On 23 Mar 2015, at 13:56, Brad Jorsch (Anomie) <bjorsch@wikimedia.org> wrote:

On Mon, Mar 23, 2015 at 3:08 AM, Krinkle <krinklemail@gmail.com> wrote:
Nothing is loaded by default.

If you make use of interfaces provided by a module, you must add a dependency on that module.

I must have misunderstood something. If all dependencies have to be declared then why does ResourcesTest::testIllegalDependencies() explicitly complain about 'jquery' and 'mediawiki'?


jquery and mediawiki are not modules. They are raw files leveraging parts of ResourceLoader to deliver itself. Obviously it can't load itself, so it wouldn't make sense as a dependency. It's part of the base environment. If you're registering a module and managed to get it loaded, by definition it must already be there.

Similar to how websites using RequireJS wouldn't have one add a dependency on "requirejs" on every module that calls require() somewhere. Granted, our base module provides a fair bit more than just mw.loader but the paradigm does apply.
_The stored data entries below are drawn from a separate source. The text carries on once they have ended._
(* There is a multi-valued function $F: [0,1] \Rightarrow \mathbb{R}$ such that $F(x)$ is closed for every $x\in[0,1]$, the graph of $F$ is a $\Pi^0_2$ subset of $[0,1]\times\mathbb{R}$, and the set of points of continuity of $F$ is not a $\Pi^0_3$ subset of $[0,1]$.
   Context: A multi-valued function $F: X \Rightarrow Y$ assigns to each $x$ a nonempty set $F(x)\subseteq Y$ and is identified with its graph $\{(x,y): y\in F(x)\}\subseteq X\times Y$. For metric spaces $(X,p),(Y,d)$, $F$ is continuous at $x$ if there is some $y \in F(x)$ such that for every $\varepsilon>0$ there is $\delta>0$ such that for every $x' \in B_p(x,\delta)$ there is $y' \in F(x')$ with $d(y,y')<\varepsilon$. Borel hierarchy: $\Sigma^0_1$ = open; $\Sigma^0_{n+1}$ = countable unions of sets whose complements are $\Sigma^0_k$ for some $k\le n$; $\Pi^0_n$ = complements of $\Sigma^0_n$ sets ($\Pi^0_2=G_\delta$, $\Pi^0_3$ = countable intersections of $F_\sigma$ sets). *)

From Stdlib Require Import Reals Lra.
Open Scope R_scope.

(* Borel hierarchy relative to a subspace D of a type T whose topology is
   given by the predicate O of open sets. *)
Inductive Sigma0 {T : Type} (O : (T -> Prop) -> Prop) (D : T -> Prop)
  : nat -> (T -> Prop) -> Prop :=
| Sigma0_open : forall (U A : T -> Prop),
    O U -> (forall x, A x <-> (D x /\ U x)) -> Sigma0 O D 1 A
| Sigma0_union : forall (n : nat) (A : T -> Prop) (B : nat -> T -> Prop),
    (forall k x, B k x -> D x) ->
    (forall k, exists j, (1 <= j <= n)%nat /\
                 Sigma0 O D j (fun x => D x /\ ~ B k x)) ->
    (forall x, A x <-> exists k, B k x) ->
    Sigma0 O D (S n) A.

Definition Pi0 {T : Type} (O : (T -> Prop) -> Prop) (D : T -> Prop)
  (n : nat) (A : T -> Prop) : Prop :=
  (forall x, A x -> D x) /\ Sigma0 O D n (fun x => D x /\ ~ A x).

(* Open sets of R x R (product topology = max-metric topology). *)
Definition open_RR (U : R * R -> Prop) : Prop :=
  forall p, U p -> exists e, 0 < e /\
    forall q, Rabs (fst q - fst p) < e -> Rabs (snd q - snd p) < e -> U q.

Definition I01 (x : R) : Prop := 0 <= x <= 1.
Definition I01xR (p : R * R) : Prop := I01 (fst p).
We could refer to them as the "base" environment. But not "default" or "modules", that would understandably be confusing.

-- Krinkle

PS: In theory one could make them no-ops removed at run time server-side, but would just be wasted efforts for developer and server. I won't make the same mistake most C-family language designers made when allowing the curly brace to be placed either at the end or on the next line. We could've done it the way of needing to depend on jquery, but we didn't. Better one way consistent, than two ways (which isn't a way). A minor confusion here and there is I think worth it, compared to the wasted efforts, bikeshedding  and stronger confusion about why they are and sometimes aren't.